Paul, your welcome to use my place as your holding location in the morning for everything. I'll help you setup as well if needs be


----------



## AndyC (Oct 25, 2005)

King Eric said:


> Johnny came but it was mildly damp.


Fnar Fnar :lol:

Count me in - we went a couple of years ago and it was a good show. Sounds like a good offer from KE and if you need any help Reginald just let me know :thumb:


----------



## Paul-T (Nov 2, 2006)

Brilliant, cheers KE, I'll take you up on that I think.
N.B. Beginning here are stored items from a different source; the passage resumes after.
(* A rule defined on $\mathcal{E}_{\mathcal{SP}}$ satisfies own-peak-onliness, efficiency, peak responsiveness, and not obvious manipulability (NOM) if and only if it is a peak responsive simple rule.
   Context: Let $N=\{1,\dots,n\}$ be a finite set of agents. A preference $R_i$ is a continuous complete preorder on $\mathbb{R}_+\cup\{\infty\}$ ($P_i$ strict); its peak $p(R_i)$ is the set of maximal elements. $R_i$ is single-peaked if $p(R_i)$ is a singleton (identified with its element) and for $x,x'\in\mathbb{R}_+$, $xP_ix'$ whenever $x'<x\le p(R_i)$ or $p(R_i)\le x<x'$; $\mathcal{SP}$ is the set of these. An economy is $(R,\Omega)$, $R\in\mathcal{SP}^n$, $\Omega>0$; $\mathcal{E}_{\mathcal{SP}}$ is the set of economies; a rule is a map $\varphi:\mathcal{E}_{\mathcal{SP}}\to\mathbb{R}^n_+$ with $\sum_j\varphi_j(R,\Omega)=\Omega$. Properties: Efficiency: no $x\in\mathbb{R}^n_+$ with $\sum_jx_j=\Omega$ has $x_iR_i\varphi_i(R,\Omega)$ for all $i$ and $x_iP_i\varphi_i(R,\Omega)$ for some $i$. Own-peak-onliness: $p(R_i')=p(R_i)$ implies $\varphi_i(R,\Omega)=\varphi_i(R_i',R_{-i},\Omega)$. Peak responsiveness: for $i\ne j$, $p(R_i)\le p(R_j)$ implies $\varphi_i(R,\Omega)\le\varphi_j(R,\Omega)$. Option set $O^\varphi(R_i,\Omega)=\{\varphi_i(R_i,R_{-i},\Omega):R_{-i}\in\mathcal{SP}^{n-1}\}$; $R_i'$ is a manipulation at $(R_i,\Omega)$ if $\varphi_i(R_i',R_{-i},\Omega)P_i\varphi_i(R_i,R_{-i},\Omega)$ for some $R_{-i}$, an obvious manipulation if moreover each $x'\in O^\varphi(R_i',\Omega)$ satisfies $x'P_ix$ for some $x\in O^\varphi(R_i,\Omega)$; NOM means no obvious manipulation exists. Simple rules: $z(R,\Omega)=\sum_jp(R_j)-\Omega$; agent $i$ is simple if ($z\ge0$ and $p(R_i)<\Omega/n$) or ($z\le0$ and $p(R_i)>\Omega/n$); $N^+$ is the set of simple agents, $N^-=N\setminus N^+$; $E(R,\Omega)=\left|\Omega-\left(\sum_{j\in N^+}p(R_j)+|N^-|\frac{\Omega}{n}\right)\right|$. An own-peak-only rule is simple if $\varphi_i=p(R_i)$ for $i\in N^+$, $\varphi_i=\frac{\Omega}{n}+\nu_i$ for $i\in N^-$ when $z\ge0$, $\varphi_i=\frac{\Omega}{n}-\nu_i$ for $i\in N^-$ when $z\le0$, with $0\le\nu_i\le|p(R_i)-\frac{\Omega}{n}|$ and $\sum_{j\in N^-}\nu_j=E(R,\Omega)$. *)

From HB Require Import structures.
From mathcomp Require Import all_boot all_order all_algebra.
From mathcomp Require Import all_classical all_reals all_analysis.
Set Implicit Arguments. Unset Strict Implicit. Unset Printing Implicit Defensive.
Import Order.TTheory GRing.Theory Num.Theory.
Import numFieldNormedType.Exports.
Local Open Scope classical_set_scope.
Local Open Scope ring_scope.

Definition cspace (R : realType) : set (\bar R) := [set x | (0 <= x)%E].

Definition pref (R : realType) := \bar R -> \bar R -> Prop.

Definition strictP (R : realType) (Q : pref R) (x y : \bar R) : Prop :=
  Q x y /\ ~ Q y x.

Definition complete_preorder (R : realType) (Q : pref R) : Prop :=
  (forall x y, cspace x -> cspace y -> Q x y \/ Q y x) /\
  (forall x y z, cspace x -> cspace y -> cspace z -> Q x y -> Q y z -> Q x z).

(* continuity: all upper and lower contour sets are closed in cspace
   (cspace is closed in \bar R, so closed in \bar R is the same). *)
Definition continuous_pref (R : realType) (Q : pref R) : Prop :=
  forall y, cspace y ->
    closed [set x | cspace x /\ Q x y] /\ closed [set x | cspace x /\ Q y x].

Definition peak_set (R : realType) (Q : pref R) : set (\bar R) :=
  [set x | cspace x /\ forall y, cspace y -> Q x y].

(* the peak, as an element (meaningful when the peak set is a singleton) *)
Definition peak (R : realType) (Q : pref R) : \bar R := xget 0%E (peak_set Q).

Definition single_peaked (R : realType) (Q : pref R) : Prop :=
  complete_preorder Q /\ continuous_pref Q /\
  exists p : \bar R, peak_set Q = [set p] /\
    (forall x x' : R, 0 <= x' -> x' < x -> (x%:E <= p)%E ->
        strictP Q x%:E x'%:E) /\
    (forall x x' : R, 0 <= x -> (p <= x%:E)%E -> x < x' ->
        strictP Q x%:E x'%:E).

Definition profile (R : realType) (n : nat) := 'I_n -> pref R.

Definition sp_profile (R : realType) (n : nat) (Rp : profile R n) : Prop :=
  forall i, single_peaked (Rp i).

Definition economy (R : realType) (n : nat) (Rp : profile R n) (Om : R) : Prop :=
  sp_profile Rp /\ 0 < Om.

Definition upd (R : realType) (n : nat) (Rp : profile R n) (i : 'I_n) (Q : pref R)
  : profile R n := fun j => if j == i then Q else Rp j.

(* a candidate rule: total map; only its values on E_SP matter *)
Definition rule_fun (R : realType) (n : nat) := profile R n -> R -> 'I_n -> R.

Definition is_rule (R : realType) (n : nat) (phi : rule_fun R n) : Prop :=
  forall Rp Om, economy Rp Om ->
    (forall i, 0 <= phi Rp Om i) /\ \sum_(i < n) phi Rp Om i = Om.

Definition efficient (R : realType) (n : nat) (phi : rule_fun R n) : Prop :=
  forall Rp Om, economy Rp Om ->
    ~ exists x : 'I_n -> R,
        (forall j, 0 <= x j) /\ \sum_(j < n) x j = Om /\
        (forall i, Rp i (x i)%:E (phi Rp Om i)%:E) /\
        (exists i, strictP (Rp i) (x i)%:E (phi Rp Om i)%:E).

Definition own_peak_only (R : realType) (n : nat) (phi : rule_fun R n) : Prop :=
  forall Rp Om i (Q : pref R), economy Rp Om -> single_peaked Q ->
    peak Q = peak (Rp i) -> phi Rp Om i = phi (upd Rp i Q) Om i.

Definition peak_responsive (R : realType) (n : nat) (phi : rule_fun R n) : Prop :=
  forall Rp Om (i j : 'I_n), economy Rp Om -> i != j ->
    (peak (Rp i) <= peak (Rp j))%E -> phi Rp Om i <= phi Rp Om j.

Definition option_set (R : realType) (n : nat) (phi : rule_fun R n) (i : 'I_n)
  (Q : pref R) (Om : R) : set R :=
  [set y | exists Rp : profile R n, sp_profile Rp /\ y = phi (upd Rp i Q) Om i].

Definition manipulation (R : realType) (n : nat) (phi : rule_fun R n) (i : 'I_n)
  (Q Q' : pref R) (Om : R) : Prop :=
  single_peaked Q' /\
  exists Rp : profile R n, sp_profile Rp /\
    strictP Q (phi (upd Rp i Q') Om i)%:E (phi (upd Rp i Q) Om i)%:E.

Definition obvious_manipulation (R : realType) (n : nat) (phi : rule_fun R n)
  (i : 'I_n) (Q Q' : pref R) (Om : R) : Prop :=
  manipulation phi i Q Q' Om /\
  forall x', option_set phi i Q' Om x' ->
    exists x, option_set phi i Q Om x /\ strictP Q x'%:E x%:E.

Definition NOM (R : realType) (n : nat) (phi : rule_fun R n) : Prop :=
  forall (i : 'I_n) (Q Q' : pref R) (Om : R),
    single_peaked Q -> 0 < Om -> ~ obvious_manipulation phi i Q Q' Om.

Definition zexcess (R : realType) (n : nat) (Rp : profile R n) (Om : R) : \bar R :=
  ((\sum_(j < n) peak (Rp j)) - Om%:E)%E.

Definition simple_agent (R : realType) (n : nat) (Rp : profile R n) (Om : R)
  (i : 'I_n) : Prop :=
  ((0 <= zexcess Rp Om)%E /\ (peak (Rp i) < (Om / n%:R)%:E)%E) \/
  ((zexcess Rp Om <= 0)%E /\ ((Om / n%:R)%:E < peak (Rp i))%E).

Definition simple_agentb (R : realType) (n : nat) (Rp : profile R n) (Om : R)
  (i : 'I_n) : bool := `[< simple_agent Rp Om i >].

Definition Eexcess (R : realType) (n : nat) (Rp : profile R n) (Om : R) : \bar R :=
  `| Om%:E - ((\sum_(j < n | simple_agentb Rp Om j) peak (Rp j))
              + (#|[pred j | ~~ simple_agentb Rp Om j]|%:R * (Om / n%:R))%:E) |%E.

Definition simple_rule (R : realType) (n : nat) (phi : rule_fun R n) : Prop :=
  own_peak_only phi /\
  forall Rp Om, economy Rp Om ->
    (forall i, simple_agent Rp Om i -> (phi Rp Om i)%:E = peak (Rp i)) /\
    exists nu : 'I_n -> R,
      (forall i, ~ simple_agent Rp Om i ->
         0 <= nu i /\ ((nu i)%:E <= `| peak (Rp i) - (Om / n%:R)%:E |)%E) /\
      (\sum_(j < n | ~~ simple_agentb Rp Om j) nu j)%:E = Eexcess Rp Om /\
      ((0 <= zexcess Rp Om)%E ->
         forall i, ~ simple_agent Rp Om i -> phi Rp Om i = Om / n%:R + nu i) /\
      ((zexcess Rp Om <= 0)%E ->
         forall i, ~ simple_agent Rp Om i -> phi Rp Om i = Om / n%:R - nu i).

From HB Require Import structures.
From mathcomp Require Import all_boot all_order all_algebra.
From mathcomp Require Import all_classical all_reals all_analysis.
From mathcomp Require Import lra.
Set Implicit Arguments. Unset Strict Implicit. Unset Printing Implicit Defensive.
Import Order.TTheory GRing.Theory Num.Theory.
Import numFieldNormedType.Exports.
Local Open Scope classical_set_scope.
Local Open Scope ring_scope.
Thanks for that kind offer Andy, I'll see how I'm getting on nearer the time mate.


----------



## Auto Finesse (Jan 10, 2007)

As there seems to be a DW attendance i may come have a gander


----------



## chr15barn3s (Apr 10, 2007)

Ive been meaning to go to this for the last 3 years but have forgotten every time! I will have to remember now especially if there is an offer of a decent bbq


----------



## King Eric (Feb 27, 2006)

Yes definately, we will open my house up to a few of you for a BBQ no worries there. Afterall I bought that monster of a BBQ and it needs to get some use!


----------



## nogrille (Oct 27, 2005)

cars and bbq - I'm in!


----------



## drive 'n' shine (Apr 22, 2006)

A little bump - see some of you there later on no doubt :thmb:


----------